Which lines in the records below contain the word "drops"? Copy each one.

§

(* Let $a<b$ be real numbers and let $h:[a,b)\to\mathbb{R}$ be an increasing function such that $$C:=\overline{\lim_{x\to a}}\operatorname{ess}\frac{h(x)-h(a)}{(x-a)\,h'(x)}<\infty.$$ Then for every $q\in(0,1)$, $$\varlimsup_{x\to a}\frac{h(a+q(x-a))-h(a)}{h(x)-h(a)}\ \leq\ q^{1/C}.$$
   Context: An increasing function is differentiable almost everywhere, so $h'(x)$ is defined for almost all $x$. For a function $f:[a,b)\to\mathbb{R}$ (defined almost everywhere), the essential upper limit $\overline{\lim_{x\to a}}\operatorname{ess} f(x)$ is the greatest lower bound of the numbers $t\in\mathbb{R}$ such that $f(x)\le t$ for almost all $x$ in some interval $[a,\delta]\subset[a,b)$. Limits at $a$ are right-hand limits. *)

From HB Require Import structures.
From mathcomp Require Import all_boot all_order all_algebra.
From mathcomp Require Import all_classical all_reals all_analysis.
Set Implicit Arguments. Unset Strict Implicit. Unset Printing Implicit Defensive.
Import Order.TTheory GRing.Theory Num.Theory.
Import numFieldNormedType.Exports.
Local Open Scope classical_set_scope.
Local Open Scope ring_scope.

(* The quotient (h x - h a) / ((x - a) h'(x)) as an extended real, with the
   conventions c/0 = +oo for c > 0 and 0/0 = 0 (only relevant where
   h'(x) = 0; numerator is >= 0 for increasing h and x >= a). *)
Definition dratio (R : realType) (h : R -> R) (a x : R) : \bar R :=
  let num := h x - h a in
  let den := (x - a) * derive1 h x in
  if den == 0 then (if num == 0 then 0%E else +oo%E) else (num / den)%:E.

(* Essential upper limit at a (from the right) of
   x |-> (h x - h a) / ((x - a) h'(x)), this function being defined at the
   points x where h is differentiable:  the infimum of the real numbers t
   such that, for some delta with [a, delta] included in [a, b),
   for almost every x in [a, delta], h is differentiable at x and
   dratio h a x <= t.  (inf of the empty set is +oo.) *)
Definition ess_limsup_dratio (R : realType) (h : R -> R) (a b : R) : \bar R :=
  ereal_inf [set t%:E | t in [set t : R | exists2 d : R, a < d < b &
     {ae (@lebesgue_measure R), forall x, x \in `[a, d] ->
        derivable h x 1 /\ (dratio h a x <= t%:E)%E}]].

Definition limsup_right (R : realType) (g : R -> R) (a : R) : \bar R :=
  limf_esup (fun x => (g x)%:E) (a^'+).

(* q ^ (1 / C) for C in [0, +oo], 0 < q < 1, with q^(1/0) = q^(+oo) = 0
   and q^(1/+oo) = q^0 = 1. *)
Definition qpow_inv (R : realType) (q : R) (C : \bar R) : \bar R :=
  match C with
  | r%:E => if r <= 0 then 0%E else (q `^ r^-1)%:E
  | +oo%E => 1%E
  | -oo%E => 0%E
  end.

From HB Require Import structures.
From mathcomp Require Import all_boot all_order all_algebra.
From mathcomp Require Import all_classical all_reals all_analysis.
From mathcomp Require Import ring lra measurable_realfun.
Import Order.TTheory GRing.Theory Num.Theory.
Import numFieldNormedType.Exports.
Local Open Scope classical_set_scope.
Local Open Scope ring_scope.

(** Take t > C. For almost every y close to a, h y - h a <= t (y - a) h'(y), so
    F y = ln (h y - h a) - ln (y - a) / t has a nonnegative derivative almost
    everywhere; moreover ln (h y - h a) is nondecreasing, so away from a the
    function F drops at most at a linear rate.  These two facts force F to be
    nondecreasing: cover the exceptional null set by an open set of small
    measure, whose cumulative mass absorbs the drops, and conclude by real
    induction.  Then F (a + q (x - a)) <= F x reads
    h (a + q (x - a)) - h a <= q ^ (1/t) (h x - h a), and t decreases to C. *)

Section real_monotonicity.
Set Implicit Arguments.
Unset Strict Implicit.
Variable R : realType.
Local Notation mu := (@lebesgue_measure R).

Lemma is_derive_right_bounds (f : R -> R) (x l e : R) :
  is_derive x 1 f l -> 0 < e ->
  exists2 r0, 0 < r0 & forall r, x < r < x + r0 ->
    (l - e) * (r - x) <= f r - f x <= (l + e) * (r - x).
Proof.
move=> [df dfl] e0.
have := (cvgrPdist_lt _ _).1 df e e0.
rewrite -/(derive f x 1) dfl => /(_ _) /nbhs_ballP[r0 /= r00 near_x].
exists r0 => // r /andP[xr rx].
have rx0 : 0 < r - x by rewrite subr_gt0.
have rx_ball : ball 0 r0 (r - x).
  by rewrite /ball /= sub0r normrN ger0_norm ?ltW // ltrBlDl.
have := near_x _ rx_ball (lt0r_neq0 rx0).
rewrite /= scaler1 subrK => dist_lt.
have lo : l - (r - x)^-1 * (f r - f x) < e := le_lt_trans (ler_norm _) dist_lt.
have hi : (r - x)^-1 * (f r - f x) - l < e.
  by apply: le_lt_trans dist_lt; rewrite distrC ler_norm.
move: lo hi; rewrite ltrBlDr -ltrBlDl => lo; rewrite ltrBlDr => hi.
apply/andP; split; first by rewrite -ler_pdivlMr // mulrC ltW.
by rewrite -ler_pdivrMr // mulrC [l + e]addrC ltW.
Qed.

Lemma derive1_ge0_right (f : R -> R) (x d : R) : 0 < d ->
  (forall r, x < r < x + d -> f x <= f r) -> derivable f x 1 -> 0 <= derive1 f x.
Proof.
move=> d0 fx_le dfx; set l := derive1 f x; rewrite leNgt; apply/negP => l0.
have dl : is_derive x 1 f l by rewrite /l derive1E; exact: derivableP.
have e0 : 0 < - l / 2 by rewrite divr_gt0 // oppr_gt0.
have [r0 r00 bounds] := is_derive_right_bounds dl e0.
pose r := x + Num.min r0 d / 2.
have m0 : 0 < Num.min r0 d by rewrite lt_min r00 d0.
have m1 : Num.min r0 d <= r0 by rewrite ge_min lexx.
have m2 : Num.min r0 d <= d by rewrite ge_min lexx orbT.
have xr : x < r < x + r0 by rewrite /r; apply/andP; split; lra.
have /andP[_ upper] := bounds r xr.
have : (l + - l / 2) * (r - x) < 0.
  by rewrite pmulr_llt0 ?subr_gt0; [lra | case/andP: xr].
have xrd : x < r < x + d by rewrite /r; apply/andP; split; lra.
have := fx_le r xrd; lra.
Qed.

Lemma right_dini_of_derive_ge0 (F : R -> R) (y l e : R) :
  is_derive y 1 F l -> 0 <= l -> 0 < e ->
  exists2 r0, 0 < r0 & forall r, y < r < y + r0 -> F y - e * (r - y) <= F r.
Proof.
move=> dF l0 e0; have [r0 r00 bounds] := is_derive_right_bounds dF e0.
exists r0 => // r yr; have /andP[lower _] := bounds r yr.
have : 0 <= l * (r - y) by rewrite mulr_ge0 // subr_ge0; case/andP: yr => /ltW.
by rewrite mulrBl in lower; lra.
Qed.

Lemma lower_bound_right_end (P : R -> R) (u m K c : R) : u < m ->
  (forall r, u <= r < m -> c <= P r) ->
  (forall r, u <= r < m -> P r + K * r <= P m + K * m) -> c <= P m.
Proof.
move=> um cP PK; apply/ler_addgt0Pr => eta eta0.
pose k := `|K| + 1.
have k0 : 0 < k by rewrite ltr_wpDl.
pose r := Num.max u (m - eta / k).
have urm : u <= r < m.
  by rewrite le_max lexx gt_max um /= ltrBlDr ltrDl divr_gt0.
have mr : k * (m - r) <= eta.
  have : m - eta / k <= r by rewrite le_max lexx orbT.
  by rewrite -ler_pdivlMl //; lra.
have Kk : K * (m - r) <= k * (m - r).
  by rewrite ler_wpM2r ?subr_ge0 ?(ltW urm.2) // /k; have := ler_norm K; lra.
have := cP r urm; have := PK r urm; rewrite mulrBr in Kk; lra.
Qed.

Lemma real_induction_le (P : R -> R) (u v K : R) : u <= v ->
  (forall y1 y2, u <= y1 -> y1 <= y2 -> y2 <= v -> P y1 + K * y1 <= P y2 + K * y2) ->
  (forall y, u <= y -> y < v ->
     exists2 r0, 0 < r0 & forall r, y < r < y + r0 -> P y <= P r) ->
  P u <= P v.
Proof.
move=> uv PK Pright.
pose A := [set s | u <= s <= v /\ forall r, u <= r <= s -> P u <= P r].
have Au : A u.
  split; first by rewrite lexx uv.
  by move=> r /andP[ur ru]; rewrite (@le_anti _ _ r u) ?ur ?ru.
have supA : has_sup A by split; [exists u | exists v => s [/andP[_ ->]]].
set m := sup A.
have um : u <= m by apply: sup_upper_bound.
have mv : m <= v by apply: ge_sup; [exists u | move=> s [/andP[_ ->]]].
have below_m r : u <= r < m -> P u <= P r.
  move=> /andP[ur rm].
  have mr0 : 0 < m - r by rewrite subr_gt0.
  have [s [_ As] ms] := sup_adherent mr0 supA.
  by apply: As; rewrite ur /= ltW //; move: ms; rewrite opprB addrCA subrr addr0.
have Pm : P u <= P m.
  have [<-//|um'] := eqVneq u m.
  apply: (lower_bound_right_end (K := K) (u := u)) below_m _.
    by rewrite lt_neqAle um' um.
  by move=> r /andP[ur rm]; apply: PK ur (ltW rm) mv.
have Am : A m.
  split => [|r /andP[ur rm]]; first by rewrite um mv.
  have [->//|rm'] := eqVneq r m.
  by apply: below_m; rewrite ur lt_neqAle rm' rm.
suff <- : m = v by apply: Am.2; rewrite um lexx.
apply/eqP; rewrite eq_le mv leNgt; apply/negP => mv'.
have [r0 r00 Pm_right] := Pright m um mv'.
pose s := Num.min (m + r0 / 2) v.
have ms : m < s by rewrite /s lt_min mv' ltrDl divr_gt0.
have As : A s.
  split; first by rewrite (le_trans um (ltW ms)) /s ge_min lexx orbT.
  move=> r /andP[ur rs]; have [rm|mr] := leP r m; first by apply: Am.2; rewrite ur rm.
  apply: (le_trans Pm); apply: Pm_right; rewrite mr /=.
  by apply: (le_lt_trans rs); rewrite /s gt_min ltrD2l ltr_pdivrMr // ltr_pMr // ltr1n.
by have := sup_upper_bound supA As; rewrite leNgt ms.
Qed.

Lemma null_set_open_cover (N : set R) (d : R) : measurable N -> mu N = 0%E -> 0 < d ->
  exists U : set R, [/\ open U, N `<=` U & (mu U <= d%:E)%E].
Proof.
move=> mN N0 d0.
have Nfin : (mu N < +oo)%E by rewrite N0.
have [U [oU NU UN]] := lebesgue_regularity_outer mN Nfin d0.
exists U; split => //.
have mU : measurable U := open_measurable oU.
apply: (le_trans (@le_measure _ _ _ mu U ((U `\` N) `|` N) _ _ _)).
- by rewrite inE.
- by rewrite inE; apply: measurableU => //; apply: measurableD.
- by move=> x Ux; have [Nx|nNx] := pselect (N x); [right|left].
apply: (le_trans (measureU2 _ _ _)) => //; first exact: measurableD.
by move: N0 => /= ->; rewrite adde0 ltW.
Qed.

Section cumulative_mass.
Variables (U : set R) (u : R).
Hypotheses (oU : open U) (finU : (mu U < +oo)%E).

Definition cumul_mass (s : R) : R := fine (mu (U `&` `[u, s])).

Let mU : measurable U := open_measurable oU.

Lemma cumul_massE s : (cumul_mass s)%:E = mu (U `&` `[u, s]).
Proof.
rewrite fineK // ge0_fin_numE //.
by apply: le_lt_trans finU; apply: le_measure; rewrite ?inE //; apply: measurableI.
Qed.

Lemma cumul_mass_ge0 s : 0 <= cumul_mass s.
Proof. by rewrite -lee_fin cumul_massE. Qed.

Lemma cumul_mass_le s : ((cumul_mass s)%:E <= mu U)%E.
Proof.
by rewrite cumul_massE; apply: le_measure; rewrite ?inE //; apply: measurableI.
Qed.

Lemma le_cumul_mass s1 s2 : s1 <= s2 -> cumul_mass s1 <= cumul_mass s2.
Proof.
move=> s12; rewrite -lee_fin !cumul_massE.
apply: le_measure; rewrite ?inE //; try by apply: measurableI.
by move=> x [Ux] /=; rewrite !in_itv /= => /andP[-> xs]; split=> //; exact: le_trans s12.
Qed.

Lemma cumul_mass_right_growth y : u <= y -> U y ->
  exists2 r0, 0 < r0 & forall r, y < r < y + r0 -> cumul_mass y + (r - y) <= cumul_mass r.
Proof.
move=> uy Uy; have : nbhs y U by apply: open_nbhs_nbhs.
move=> /nbhs_ballP[r0 /= r00 ballU]; exists r0 => // r /andP[yr ry].
have mI s : measurable (U `&` `[u, s]) by apply: measurableI.
have yr_len : (r - y)%:E = mu `]y, r] by rewrite lebesgue_measure_itv /= lte_fin yr EFinB.
have disj : U `&` `[u, y] `&` `]y, r] = set0.
  rewrite -subset0 => x [[_ /=]]; rewrite !in_itv /= => /andP[_ xy] /andP[yx _].
  by move: (lt_le_trans yx xy); rewrite ltxx.
rewrite -lee_fin EFinD !cumul_massE yr_len -(measureU mu (mI y) _ disj) //.
apply: le_measure; rewrite ?inE //; try exact: mI.
  by apply: measurableU => //; exact: mI.
move=> x [[Ux]|] /=; rewrite !in_itv /=.
  by move=> /andP[-> xy]; split => //; rewrite (le_trans xy (ltW yr)).
move=> /andP[yx xr]; split; last by rewrite xr (le_trans uy (ltW yx)).
apply: ballU; rewrite /ball /= distrC ger0_norm ?subr_ge0 ?ltW //.
by rewrite ltrBlDl (le_lt_trans xr).
Qed.

End cumulative_mass.

Lemma le_of_right_dini_off_open (F : R -> R) (U : set R) (u v K eta : R) :
  open U -> (mu U < +oo)%E -> u <= v -> 0 <= eta ->
  (forall y1 y2, u <= y1 -> y1 <= y2 -> y2 <= v -> F y1 + K * y1 <= F y2 + K * y2) ->
  (forall y, u <= y -> y < v -> ~ U y ->
     exists2 r0, 0 < r0 & forall r, y < r < y + r0 -> F y - eta * (r - y) <= F r) ->
  F u <= F v + (`|K| + 1) * cumul_mass U u v + eta * (v - u).
Proof.
move=> oU finU uv eta0 FK Fright.
pose k := `|K| + 1.
have k0 : 0 < k by rewrite ltr_wpDl.
have Kk : K <= k by rewrite /k; have := ler_norm K; lra.
pose lam := cumul_mass U u.
have lam_mono := le_cumul_mass u oU finU.
(* On U the cumulative mass grows at rate 1 and outweighs the drop of F, of rate at most K. *)
pose P s := F s + k * lam s + eta * s.
suff : P u <= P v.
  have : 0 <= k * lam u by apply: mulr_ge0; [exact: ltW | exact: cumul_mass_ge0].
  by rewrite /P /k /lam; lra.
apply: (real_induction_le (K := K)) => // [y1 y2 uy1 y12 y2v | y uy yv].
  have := FK _ _ uy1 y12 y2v.
  have : k * lam y1 <= k * lam y2 by rewrite ler_pM2l // lam_mono.
  have : eta * y1 <= eta * y2 by rewrite ler_wpM2l.
  by rewrite /P; lra.
have [Uy|nUy] := pselect (U y); last first.
  have [r0 r00 Fr] := Fright y uy yv nUy.
  exists r0 => // r yr; have := Fr r yr.
  have : k * lam y <= k * lam r by rewrite ler_pM2l // lam_mono //; case/andP: yr => /ltW.
  by rewrite /P; lra.
have [r0 r00 lam_growth] := cumul_mass_right_growth oU finU uy Uy.
exists (Num.min r0 (v - y)); first by rewrite lt_min r00 subr_gt0.
move=> r /andP[yr]; rewrite -ltrBlDl lt_min => /andP[ry rv].
have rv' : r <= v by move: rv; rewrite ltrD2r => /ltW.
have := FK _ _ uy (ltW yr) rv'.
have : k * (lam y + (r - y)) <= k * lam r by rewrite ler_pM2l // lam_growth // yr -ltrBlDl.
have : K * (r - y) <= k * (r - y) by rewrite ler_wpM2r // subr_ge0 ltW.
have : eta * y <= eta * r by rewrite ler_wpM2l // ltW.
by rewrite /P; lra.
Qed.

§

* EXPECTED ANSWER
    function F drops at most at a linear rate.  These two facts force F to be
    measure, whose cumulative mass absorbs the drops, and conclude by real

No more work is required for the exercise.